One of the stories from IU’s first three games was the apparent improvement of an offensive line that really struggled in 2017. I’m not quite ready to reject that premise based solely on one horrible performance against a tough front seven. Of course they aren’t a top-tier B1G O-line, but there’s plenty of space between “improved” and “top-tier.” If the O line comes out and handles Rutgers the way they handled UVA, the improvement narrative will remain in play.1

Also, look at that cute little Broken Tackles chart. That’s right, IU ran 78 offensive plays and forced just one missed tackle. That’s an incredible performance by the Spartan defense, first and foremost. Stevie Scott, IU’s leading tackle-breaker thus far, was seemingly hit within a yard after receiving the handoff every time, and therefore never had the opportunity to build the momentum that helps him break tackles.  On 6 of his 11 carries, 55%, he was first contacted by a defender at or behind the line of scrimmage.  Headed into the game, that rate stood at 33%.

Passing Offense

And they said a team couldn’t possibly throw 44 passes and only have 1 of them travel more than 20 yards downfield…Mike DeBord sure showed them! Jokes aside, this offense simply has to attempt more deep throws than they did against Michigan State. After the near miss to Reese Taylor on the wheel route in IU’s first series, IU didn’t attempt another deep pass all game (excluding a pass on which Donovan Hale drew a defensive holding penalty).2 I really don’t think it’s an ability or arm strength issue either. Ramsey has shown already this year that he possesses more than enough arm strength to make deep passes – as I’ve said before, intermediate passes are more of a challenge from a pure arm strength perspective. Either Ramsey needs to take deep shots when they are called or more deep passes need to be called. While Donovan Hale, Nick Westbrook and Ty Fryfogle may lack top-end speed to create separation, they are still legitimate options down the field. And, of course, the Whop Philyors, Reese Taylors and J’Shun Harris’ of the world are also capable of getting open down the field. It’s time to take some shots.

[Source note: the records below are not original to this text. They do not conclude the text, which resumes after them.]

(* Let $E=[n]$, let $f:2^E\to\mathbb{Z}_{\ge 0}$ be a nonnegative integer-valued submodular function with $M:=\|f\|_\infty=\max_{S\subseteq E}|f(S)|<\infty$, let $F$ be its Lovász extension, and let $d\in\mathbb{Z}^n$ be a nonzero vector. For $R>0$ define \[ \Phi(x)=F(x)+g_R(x),\qquad g_R(x):=R\,|1-d^\top x|,\qquad x\in\mathbb{R}^n. \] If $R>M$, then every minimizer $x^\star$ of $\Phi$ over $\mathbb{R}^n$ satisfies $d^\top x^\star=1$. In particular, for such $R$ the constrained problem $\min\{F(x): x\in\mathbb{R}^n,\ d^\top x=1\}$ is equivalent to the unconstrained problem $\min_{x\in\mathbb{R}^n}\Phi(x)$.
   Context: For $x\in\mathbb{R}^n$ and $S\subseteq E$ write $x(S)=\sum_{i\in S}x_i$. The base polytope of $f$ is $B(f)=\{x\in\mathbb{R}^n: x(S)\le f(S)\ \forall S\subseteq E,\ x(E)=f(E)\}$. The Lovász extension of $f$ is $F(x)=\max_{v\in B(f)}v^\top x$; equivalently $F(x)=\sum_{i=1}^n x_{\pi_i}(f(S_i)-f(S_{i-1}))$, where $\pi$ is a permutation with $x_{\pi_1}\ge\cdots\ge x_{\pi_n}$ (ties broken lexicographically), $S_i=\{\pi_1,\dots,\pi_i\}$ and $S_0=\emptyset$. *)

From HB Require Import structures.
From mathcomp Require Import all_boot all_order all_algebra.
From mathcomp Require Import reals.
Set Implicit Arguments. Unset Strict Implicit. Unset Printing Implicit Defensive.
Import Order.TTheory GRing.Theory Num.Theory.
Local Open Scope ring_scope.

Definition submodular (n : nat) (f : {set 'I_n} -> nat) : Prop :=
  forall A B : {set 'I_n}, (f (A :|: B) + f (A :&: B) <= f A + f B)%N.

(* Permutation sorting x in non-increasing order, ties broken
   lexicographically (sort is stable, enum 'I_n is increasing). *)
Definition lovasz_perm (R : realType) (n : nat) (x : 'I_n -> R) : seq 'I_n :=
  sort (fun i j => x j <= x i) (enum 'I_n).

Definition lovasz_prefix (R : realType) (n : nat) (x : 'I_n -> R) (k : nat)
  : {set 'I_n} := [set i in take k (lovasz_perm x)].

Definition lovasz_ext (R : realType) (n : nat) (f : {set 'I_n} -> nat)
  (x : 'I_n -> R) : R :=
  \sum_(k < n)
    x (nth k (lovasz_perm x) k) *
    ((f (lovasz_prefix x k.+1))%:R - (f (lovasz_prefix x k))%:R).

Definition dotz (R : realType) (n : nat) (d : 'I_n -> int) (x : 'I_n -> R) : R :=
  \sum_(i < n) (d i)%:~R * x i.

Definition Phi (R : realType) (n : nat) (f : {set 'I_n} -> nat) (d : 'I_n -> int)
  (r : R) (x : 'I_n -> R) : R :=
  lovasz_ext f x + r * `|1 - dotz d x|.

Definition supnorm (n : nat) (f : {set 'I_n} -> nat) : nat :=
  (\max_(S : {set 'I_n}) f S)%N.

From HB Require Import structures.
From mathcomp Require Import all_boot all_order all_algebra.
From mathcomp Require Import reals.
From mathcomp Require Import ring lra.
Set Implicit Arguments. Unset Strict Implicit. Unset Printing Implicit Defensive.
Import Order.TTheory GRing.Theory Num.Theory.
Local Open Scope ring_scope.

(* Moving a single coordinate of x by less than the smallest gap between
   distinct values of x yields a point whose sorting order also sorts x
   non-increasingly.  The Lovasz formula does not depend on how ties are
   broken, so along that common order F is linear with coefficients
   f(S_k) - f(S_(k-1)) in [-M, M], and F grows by at most M |delta|.
   If d^T x <> 1, choose i with d_i <> 0 and move x_i by
   delta = eta (1 - d^T x) / d_i for a small eta in (0, 1]: the penalty drops
   by R eta |1 - d^T x| >= R |delta| (as |d_i| >= 1), which beats M |delta|
   when R > M. *)

Lemma sum_mul_increments_eq0 (R : pzRingType) (w h : nat -> R) (m : nat) :
  h 0%N = 0 -> h m = 0 ->
  (forall k, (0 < k < m)%N -> w k.-1 != w k -> h k = 0) ->
  \sum_(k < m) w k * (h k.+1 - h k) = 0.
Proof.
move=> h0 hm hk.
suff partial j : (j <= m)%N ->
    \sum_(k < j) w k * (h k.+1 - h k) = if j is j'.+1 then w j' * h j else 0.
  by rewrite partial //; case: m hm {hk partial} => [|m] hm //; rewrite hm mulr0.
elim: j => [|j IH] lt_jm; first by rewrite big_ord0.
rewrite big_ord_recr /= IH ?(ltnW lt_jm) //.
case: j IH lt_jm => [|j] IH lt_jm; first by rewrite h0 subr0 add0r.
have [->|ne] := eqVneq (w j) (w j.+1); first by rewrite mulrBr addrCA subrr addr0.
by rewrite (hk j.+1) //= mulr0 add0r subr0.
Qed.

Lemma exists_level_gap (R : realDomainType) (T : finType) (x : T -> R) :
  exists2 e, 0 < e & forall a b, x a < x b -> e <= x b - x a.
Proof.
exists (\big[Order.min/1]_(p : T * T)
          (if x p.1 < x p.2 then x p.2 - x p.1 else 1)).
  apply: (big_ind (fun v => 0 < v)) => // [u v|p _].
    by rewrite lt_min => -> ->.
  by case: ifP => // lt_p; rewrite subr_gt0.
move=> a b lt_ab; apply: le_trans (bigmin_le _ (a, b) _) _.
by rewrite /= lt_ab.
Qed.

Lemma sum_nth_perm (V : nmodType) (n : nat) (s : seq 'I_n) (G : 'I_n -> V) :
  perm_eq s (enum 'I_n) -> \sum_(k < n) G (nth k s k) = \sum_j G j.
Proof.
move=> s_perm.
have size_s : size s = n by rewrite (perm_size s_perm) size_enum_ord.
rewrite -[RHS]big_enum /= -(perm_big _ s_perm).
case: n s G s_perm size_s => [|m] s G _ size_s.
  by rewrite big_ord0; case: s size_s => // _; rewrite big_nil.
rewrite [RHS](big_nth ord0) size_s big_mkord; apply: eq_bigr => k _.
by rewrite (set_nth_default ord0) // size_s.
Qed.

Section LovaszSum.
Variables (R : realDomainType) (n : nat).

Definition desc_enum (x : 'I_n -> R) (s : seq 'I_n) : bool :=
  perm_eq s (enum 'I_n) && sorted (relpre x >=%R) s.

Definition shift_coord (x : 'I_n -> R) (i : 'I_n) (c : R) : 'I_n -> R :=
  fun j => x j + (if j == i then c else 0).

Lemma sum_norm_shift_coord x i c : \sum_j `|shift_coord x i c j - x j| = `|c|.
Proof.
rewrite (bigD1 i) //= big1 => [|j /negbTE ne_ji].
  by rewrite /shift_coord eqxx addrAC subrr add0r addr0.
by rewrite /shift_coord ne_ji addr0 subrr normr0.
Qed.

Lemma desc_enum_shift_coord x i c e s :
    (forall a b, x a < x b -> e <= x b - x a) -> `|c| < e ->
  desc_enum (shift_coord x i c) s -> desc_enum x s.
Proof.
rewrite /desc_enum => gap lt_ce /andP[-> sorted_s] /=.
apply: sub_sorted sorted_s => a b /=; rewrite /shift_coord.
move=> le_ba; rewrite leNgt; apply/negP => /gap; move: le_ba.
have := ler_norm c; have := ler_norm (- c); rewrite normrN.
have := normr_ge0 c.
by case: (a == i); case: (b == i); lra.
Qed.

Lemma prefix_strict_superlevel x s k :
    desc_enum x s -> (0 < k < n)%N -> (map x s)`_k < (map x s)`_k.-1 ->
  [set j in take k s] = [set j | (map x s)`_k < x j].
Proof.
move=> /andP[s_perm sorted_s] /andP[k_gt0 lt_kn] lt_k.
have size_s : size s = n by rewrite (perm_size s_perm) size_enum_ord.
have sorted_w : sorted >=%R (map x s) by rewrite sorted_map.
have mono := sorted_leq_nth ge_trans (@lexx _ R) 0 sorted_w.
apply/setP => j; rewrite !inE.
have j_s : j \in s by rewrite (perm_mem s_perm) mem_enum.
have xj : x j = (map x s)`_(index j s) by rewrite (nth_map j) ?index_mem ?nth_index.
have lt_jn : (index j s < n)%N by move: j_s; rewrite -index_mem size_s.
rewrite in_take // xj; case: ltnP => [lt_jk|le_kj]; apply/esym.
  apply: lt_le_trans lt_k _; apply: mono; rewrite ?inE ?size_map ?size_s //.
    by rewrite (leq_ltn_trans (leq_pred k)).
  by rewrite -ltnS prednK.
by apply/negbTE; rewrite -leNgt; apply: mono; rewrite ?inE ?size_map ?size_s.
Qed.

Variable f : {set 'I_n} -> nat.

Definition lovasz_sum (s : seq 'I_n) (x : 'I_n -> R) : R :=
  \sum_(k < n) x (nth k s k) *
    ((f [set i in take k.+1 s])%:R - (f [set i in take k s])%:R).

Lemma lovasz_sum_lipschitz s x y : perm_eq s (enum 'I_n) ->
  `|lovasz_sum s y - lovasz_sum s x| <= (supnorm f)%:R * \sum_j `|y j - x j|.
Proof.
move=> s_perm.
rewrite /lovasz_sum -sumrB -(sum_nth_perm (fun j => `|y j - x j|) s_perm).
rewrite mulr_sumr; apply: le_trans (ler_norm_sum _ _ _) _.
apply: ler_sum => k _; rewrite -mulrBl normrM mulrC ler_wpM2r //.
have le_M S : (f S)%:R <= (supnorm f)%:R :> R by rewrite ler_nat leq_bigmax.
have := le_M [set i in take k.+1 s]; have := le_M [set i in take k s].
have : 0 <= (f [set i in take k.+1 s])%:R :> R by [].
have : 0 <= (f [set i in take k s])%:R :> R by [].
by rewrite ler_norml; lra.
Qed.

Lemma lovasz_sum_desc_enum_eq x s1 s2 :
  desc_enum x s1 -> desc_enum x s2 -> lovasz_sum s1 x = lovasz_sum s2 x.
Proof.
move=> desc1 desc2; have /andP[perm1 sorted1] := desc1.
have /andP[perm2 sorted2] := desc2.
have size1 : size s1 = n by rewrite (perm_size perm1) size_enum_ord.
have size2 : size s2 = n by rewrite (perm_size perm2) size_enum_ord.
have w_eq : map x s1 = map x s2.
  apply: (sorted_eq ge_trans ge_anti); rewrite ?sorted_map //.
  by apply: perm_map; rewrite (perm_trans perm1) // perm_sym.
set w := map x s1.
pose h k := (f [set i in take k s1])%:R - (f [set i in take k s2])%:R : R.
apply/eqP; rewrite -subr_eq0 /lovasz_sum -sumrB; apply/eqP.
transitivity (\sum_(k < n) w`_k * (h k.+1 - h k)).
  apply: eq_bigr => k _.
  rewrite -[x (nth k s1 k)](nth_map k 0) ?size1 //.
  rewrite -[x (nth k s2 k)](nth_map k 0) ?size2 //.
  by rewrite -/w -w_eq /h; ring.
apply: sum_mul_increments_eq0 => [|| k k_bd ne_k].
- by rewrite /h !take0 subrr.
- rewrite /h !take_oversize ?size1 ?size2 //.
  suff -> : [set i in s1] = [set i in s2] by rewrite subrr.
  by apply/setP => i; rewrite !inE (perm_mem perm1) (perm_mem perm2).
have lt_k : w`_k < w`_k.-1.
  rewrite lt_neqAle eq_sym ne_k /=; case/andP: k_bd => k_gt0 lt_kn.
  apply: (sorted_leq_nth ge_trans (@lexx _ R) 0);
    rewrite ?sorted_map ?inE ?size_map ?size1 //.
    by rewrite (leq_ltn_trans (leq_pred k)).
  exact: leq_pred.
(* At a strict drop of the common values both prefixes are the same
   strict superlevel set of x. *)
rewrite /h (prefix_strict_superlevel desc1 k_bd lt_k).
by rewrite /w w_eq in lt_k *; rewrite (prefix_strict_superlevel desc2 k_bd lt_k) subrr.
Qed.

End LovaszSum.

Section LovaszExtension.
Variables (R : realType) (n : nat).

Lemma desc_enum_lovasz_perm (x : 'I_n -> R) : desc_enum x (lovasz_perm x).
Proof.
rewrite /desc_enum /lovasz_perm perm_sort perm_refl /=.
by apply: sort_sorted => a b; exact: le_total.
Qed.

Lemma lovasz_ext_shift_coord_le f (x : 'I_n -> R) i c e :
    (forall a b, x a < x b -> e <= x b - x a) -> `|c| < e ->
  lovasz_ext f (shift_coord x i c) <= lovasz_ext f x + (supnorm f)%:R * `|c|.
Proof.
move=> gap lt_ce; set y := shift_coord x i c.
have desc_y := desc_enum_lovasz_perm y.
have /andP[perm_y _] := desc_y.
have -> : lovasz_ext f x = lovasz_sum f (lovasz_perm y) x.
  apply: (lovasz_sum_desc_enum_eq f (desc_enum_lovasz_perm x)).
  exact: desc_enum_shift_coord gap lt_ce desc_y.
have := lovasz_sum_lipschitz f x y perm_y; rewrite sum_norm_shift_coord.
have -> : lovasz_ext f y = lovasz_sum f (lovasz_perm y) y by [].
by move=> /(le_trans (ler_norm _)); lra.
Qed.

Lemma dotz_shift_coord d (x : 'I_n -> R) i c :
  dotz d (shift_coord x i c) = dotz d x + (d i)%:~R * c.
Proof.
rewrite /dotz /shift_coord; under eq_bigr do rewrite mulrDr.
rewrite big_split /=; congr (_ + _).
rewrite (bigD1 i) //= eqxx big1 ?addr0 // => j /negbTE ->; exact: mulr0.
Qed.

Lemma Phi_descent f d (r : R) (x : 'I_n -> R) i :
    d i != 0 -> (supnorm f)%:R < r -> dotz d x != 1 ->
  exists y, Phi f d r y < Phi f d r x.
Proof.
move=> di_neq0 lt_Mr dx_neq1.
have [e e_gt0 gap] := exists_level_gap x.
set M : R := (supnorm f)%:R; set u := 1 - dotz d x; set a := `|u|.
have a_gt0 : 0 < a by rewrite normr_gt0 subr_eq0 eq_sym.
(* eta <= 1 keeps the penalty linear along the move, and eta a < e keeps the
   move below the level gap. *)
set eta := e / (e + a).
have eta_gt0 : 0 < eta by rewrite divr_gt0 ?addr_gt0.
have eta_le1 : eta <= 1 by rewrite ler_pdivrMr ?addr_gt0 // mul1r lerDl ltW.
have eta_a : eta * a < e.
  have : eta * e + eta * a = e by rewrite -mulrDr mulfVK // gt_eqF ?addr_gt0.
  have : 0 < eta * e by rewrite mulr_gt0.
  lra.
set di : R := (d i)%:~R; set c := eta * u / di.
have di_ge1 : 1 <= `|di| by rewrite -intr_norm ler1z -gtz0_ge1 normr_gt0.
have di_c : di * c = eta * u by rewrite mulrC mulfVK // intr_eq0.
have c_le : `|c| <= eta * a.
  have : `|c| * `|di| = eta * a by rewrite -normrM mulrC di_c normrM gtr0_norm.
  have := normr_ge0 c; nra.
exists (shift_coord x i c).
have F_le := lovasz_ext_shift_coord_le f i gap (le_lt_trans c_le eta_a).
rewrite /Phi dotz_shift_coord -/di di_c.
have -> : 1 - (dotz d x + eta * u) = (1 - eta) * u by rewrite /u; ring.
rewrite normrM ger0_norm ?subr_ge0 // -/a.
have : M * `|c| <= M * (eta * a) by rewrite ler_wpM2l.
have : M * (eta * a) < r * (eta * a) by rewrite ltr_pM2r // mulr_gt0.
by move: F_le; rewrite -/M; lra.
Qed.

End LovaszExtension.

Theorem lemma2 (R : realType) (n : nat) (f : {set 'I_n} -> nat)
  (d : 'I_n -> int) (r : R) :
  submodular f ->
  (exists i, d i != 0) ->
  (supnorm f)%:R < r ->
  forall xs : 'I_n -> R,
    (forall y : 'I_n -> R, Phi f d r xs <= Phi f d r y) ->
    dotz d xs = 1 /\
    (forall y : 'I_n -> R, dotz d y = 1 -> lovasz_ext f xs <= lovasz_ext f y).
Proof.
move=> _ [i di_neq0] lt_Mr xs xs_min.
have dxs1 : dotz d xs = 1.
  apply/eqP; apply: contraT => dxs_neq1.
  have [y lt_y] := Phi_descent di_neq0 lt_Mr dxs_neq1.
  by have := xs_min y; rewrite leNgt lt_y.
split=> // y dy1; have := xs_min y.
by rewrite /Phi dxs1 dy1 subrr normr0 mulr0 !addr0.
Qed.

Or, quite honestly, if the coaching staff isn’t comfortable with Ramsey taking those shots (which I doubt), then they need to play Michael Penix. It’s hard enough to operate offensively against a defense like Michigan State’s when they have to defend the whole field. When they only have to defend an area within 10 yards of the line of scrimmage, it’s virtually impossible to consistently move the ball.

Moving to pass protection, there are a few different ways to look at IU’s numbers in this area. First, you could look at the total number of pressures and conclude that 15 seems like a large number. You would be right. Through three games, IU had allowed a total of just 13 pressures. Sparty more than doubled that.

But then, you could look at the pressure rate of 28% and conclude that maybe IU’s pass protection wasn’t terrible. That is just about the IU defense’s average pressure rate for 2016 and 2017, and those defenses had pass rushes that were fine, but nothing to write home about.

Dig a little deeper, however, and the overall pressure rate begins to look a little deceiving. In the 4th quarter, when MSU was, for the most part, protecting a two-score lead and getting to the QB was not a priority, IU had 25 drop-backs and only allowed 4 pressures. If the 4th quarter is removed, IU’s pressure rate jumps to 38% for the first 3 quarters. When an offense is averaging more than 1 pressure per 3 downs, that’s a problem.

As you can see, the primary source of IU’s problem was at tackle. LT Coy Cronk and RT Brandon Knight combined to allow 9 pressures. Most of those came at the hands of standout Spartan defensive end Kenny Willekes. As I mentioned on Twitter earlier this week, the former walk-on dominated IU’s tackles (especially Knight) throughout the game. At this point, Cronk and Knight are veteran linemen, and, along with Wes Martin, are the best IU has to offer up front. While they cannot be expected to neutralize a player like Willekes, I think it’s reasonable to expect them to hold up a little better than they did on Saturday.